[DATA SECTION]:

(* A used transfer into [k] leaves [k] empty, so [k] sends nothing in that slot and spends
   all it receives. *)
Lemma power_ge_received_used k i : (1 <= i <= N)%nat ->
  p k i - alpha (other k) * transfer_used (other k) i >= 0.
Proof.
intros i_rng.
destruct (feas k i i_rng) as [_ [_ [p_ge0 _]]].
pose proof (alpha_rng (other k)).
unfold transfer_used; destruct Req_EM_T as [|not_full]; [lra|].
destruct (transfer_ge0 (other k) i i_rng) as [t_pos|t_eq0]; [|rewrite <- t_eq0; lra].
destruct (transfer_blocked (other k) i i_rng t_pos) as [|k_empty]; [contradiction|].
rewrite other_involutive in k_empty.
assert (t_k_eq0 : transfer k i = 0).
{ destruct (transfer_ge0 k i i_rng) as [t_k_pos|]; [exfalso|lra].
  destruct (battery_transfer_bounds (other k) i ltac:(lia)).
  apply (transfers_not_both_free k i i_rng); repeat split; try lra.
  pose proof (Emax_pos k); lra. }
destruct i as [|j]; [lia|].
rewrite battery_succ, t_k_eq0 in k_empty.
destruct (battery_transfer_bounds k j ltac:(lia)).
pose proof (E_ge0 k (S j)); lra.
Qed.

Lemma transfer_feasible : feasible N alpha Emax E p transfer.
Proof.
intros k i i_rng.
destruct (battery_transfer_bounds k i ltac:(lia)).
destruct (feas k i i_rng) as [_ [_ [p_ge0 _]]].
pose proof (transfer_ge0 k i i_rng); repeat split; lra.
Qed.

End Procrastination.

Theorem lemma4 (N : nat) (h sigma2 alpha Emax : node -> R) (E : node -> nat -> R)
  (hpos : forall k, 0 < h k)
  (spos : forall k, 0 < sigma2 k)
  (alpha_rng : forall k, 0 <= alpha k <= 1)
  (Epos : forall k i, 0 <= E k i)
  (Emax_pos : forall k, 0 < Emax k)
  (hopt : exists p delta, optimal N h sigma2 alpha Emax E p delta) :
  exists p delta gamma eps : node -> nat -> R,
    optimal N h sigma2 alpha Emax E p delta /\
    (forall k i, (1 <= i <= N)%nat ->
       0 <= gamma k i /\ 0 <= eps k i /\ delta k i = gamma k i + eps k i) /\
    partially_procrastinating N alpha Emax E p gamma eps.
Proof.
destruct hopt as [p [delta opt]].
pose proof (proj1 opt) as feas.
exists p, (transfer alpha Emax E p delta),
  (transfer_used alpha Emax E p delta), (transfer_overflow alpha Emax E p delta).
split; [|split].
- eapply optimal_of_feasible; [exact opt|]. eapply transfer_feasible; eassumption.
- intros k i i_rng; split; [|split].
  + eapply transfer_used_ge0; eassumption.
  + eapply transfer_overflow_ge0; eassumption.
  + symmetry; apply transfer_used_add_overflow.
- intros k i i_rng; split; [|split].
  + eapply power_ge_received_used; eassumption.
  + eapply transfer_used_mul_eq0; eassumption.
  + rewrite battery_used_add_overflow; apply transfer_overflow_full.
Qed.
Lemma energy_gain_subset s B T :
  B \in V -> T \subset B -> (forall i, i \in T -> pblock V' i \subset T) ->
  #|T|%:R * \sum_w (emp s T w - emp s B w) ^+ 2 <=
  \sum_w \sum_(i in T) (emp s (pblock V' i) w - emp s (pblock V i) w) ^+ 2.
Proof.
move=> BV TB V'T; have /and3P[_ tV _] := partV.
rewrite mulr_sumr; apply: ler_sum => w _.
rewrite (eq_bigr (fun i => (emp s (pblock V' i) w - emp s B w) ^+ 2)); last first.
  by move=> i iT; rewrite (def_pblock tV BV (subsetP TB i iT)).
have sumT : \sum_(i in T) (emp s (pblock V' i) w - emp s B w) =
    #|T|%:R * (emp s T w - emp s B w).
  rewrite sumrB (@sum_emp_blocks _ _ _ V' T s w partV' V'T) sumr_const.
  by rewrite -mulr_card_emp mulrBr; congr (_ - _); rewrite mulr_natl.
have := @sqr_sum_le_card _ _ (mem T) (fun i => emp s (pblock V' i) w - emp s B w).
rewrite /= sumT exprMn => cs.
have [T0 | T_gt0] := posnP #|T|.
  by rewrite T0 mul0r; apply: sumr_ge0 => i _; exact: sqr_ge0.
have T_gt0' : (0 : R) < #|T|%:R by rewrite ltr0n.
by rewrite -(ler_pM2l T_gt0') mulrA -expr2.
Qed.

[PROBLEM TO SOLVE]: Please repeat each entry. Keep every word the same.

[TASK ANSWER]:
(* A used transfer into [k] leaves [k] empty, so [k] sends nothing in that slot and spends
   all it receives. *)
Lemma power_ge_received_used k i : (1 <= i <= N)%nat ->
  p k i - alpha (other k) * transfer_used (other k) i >= 0.
Proof.
intros i_rng.
destruct (feas k i i_rng) as [_ [_ [p_ge0 _]]].
pose proof (alpha_rng (other k)).
unfold transfer_used; destruct Req_EM_T as [|not_full]; [lra|].
destruct (transfer_ge0 (other k) i i_rng) as [t_pos|t_eq0]; [|rewrite <- t_eq0; lra].
destruct (transfer_blocked (other k) i i_rng t_pos) as [|k_empty]; [contradiction|].
rewrite other_involutive in k_empty.
assert (t_k_eq0 : transfer k i = 0).
{ destruct (transfer_ge0 k i i_rng) as [t_k_pos|]; [exfalso|lra].
  destruct (battery_transfer_bounds (other k) i ltac:(lia)).
  apply (transfers_not_both_free k i i_rng); repeat split; try lra.
  pose proof (Emax_pos k); lra. }
destruct i as [|j]; [lia|].
rewrite battery_succ, t_k_eq0 in k_empty.
destruct (battery_transfer_bounds k j ltac:(lia)).
pose proof (E_ge0 k (S j)); lra.
Qed.

Lemma transfer_feasible : feasible N alpha Emax E p transfer.
Proof.
intros k i i_rng.
destruct (battery_transfer_bounds k i ltac:(lia)).
destruct (feas k i i_rng) as [_ [_ [p_ge0 _]]].
pose proof (transfer_ge0 k i i_rng); repeat split; lra.
Qed.

End Procrastination.

Theorem lemma4 (N : nat) (h sigma2 alpha Emax : node -> R) (E : node -> nat -> R)
  (hpos : forall k, 0 < h k)
  (spos : forall k, 0 < sigma2 k)
  (alpha_rng : forall k, 0 <= alpha k <= 1)
  (Epos : forall k i, 0 <= E k i)
  (Emax_pos : forall k, 0 < Emax k)
  (hopt : exists p delta, optimal N h sigma2 alpha Emax E p delta) :
  exists p delta gamma eps : node -> nat -> R,
    optimal N h sigma2 alpha Emax E p delta /\
    (forall k i, (1 <= i <= N)%nat ->
       0 <= gamma k i /\ 0 <= eps k i /\ delta k i = gamma k i + eps k i) /\
    partially_procrastinating N alpha Emax E p gamma eps.
Proof.
destruct hopt as [p [delta opt]].
pose proof (proj1 opt) as feas.
exists p, (transfer alpha Emax E p delta),
  (transfer_used alpha Emax E p delta), (transfer_overflow alpha Emax E p delta).
split; [|split].
- eapply optimal_of_feasible; [exact opt|]. eapply transfer_feasible; eassumption.
- intros k i i_rng; split; [|split].
  + eapply transfer_used_ge0; eassumption.
  + eapply transfer_overflow_ge0; eassumption.
  + symmetry; apply transfer_used_add_overflow.
- intros k i i_rng; split; [|split].
  + eapply power_ge_received_used; eassumption.
  + eapply transfer_used_mul_eq0; eassumption.
  + rewrite battery_used_add_overflow; apply transfer_overflow_full.
Qed.
Lemma energy_gain_subset s B T :
  B \in V -> T \subset B -> (forall i, i \in T -> pblock V' i \subset T) ->
  #|T|%:R * \sum_w (emp s T w - emp s B w) ^+ 2 <=
  \sum_w \sum_(i in T) (emp s (pblock V' i) w - emp s (pblock V i) w) ^+ 2.
Proof.
move=> BV TB V'T; have /and3P[_ tV _] := partV.
rewrite mulr_sumr; apply: ler_sum => w _.
rewrite (eq_bigr (fun i => (emp s (pblock V' i) w - emp s B w) ^+ 2)); last first.
  by move=> i iT; rewrite (def_pblock tV BV (subsetP TB i iT)).
have sumT : \sum_(i in T) (emp s (pblock V' i) w - emp s B w) =
    #|T|%:R * (emp s T w - emp s B w).
  rewrite sumrB (@sum_emp_blocks _ _ _ V' T s w partV' V'T) sumr_const.
  by rewrite -mulr_card_emp mulrBr; congr (_ - _); rewrite mulr_natl.
have := @sqr_sum_le_card _ _ (mem T) (fun i => emp s (pblock V' i) w - emp s B w).
rewrite /= sumT exprMn => cs.
have [T0 | T_gt0] := posnP #|T|.
  by rewrite T0 mul0r; apply: sumr_ge0 => i _; exact: sqr_ge0.
have T_gt0' : (0 : R) < #|T|%:R by rewrite ltr0n.
by rewrite -(ler_pM2l T_gt0') mulrA -expr2.
Qed.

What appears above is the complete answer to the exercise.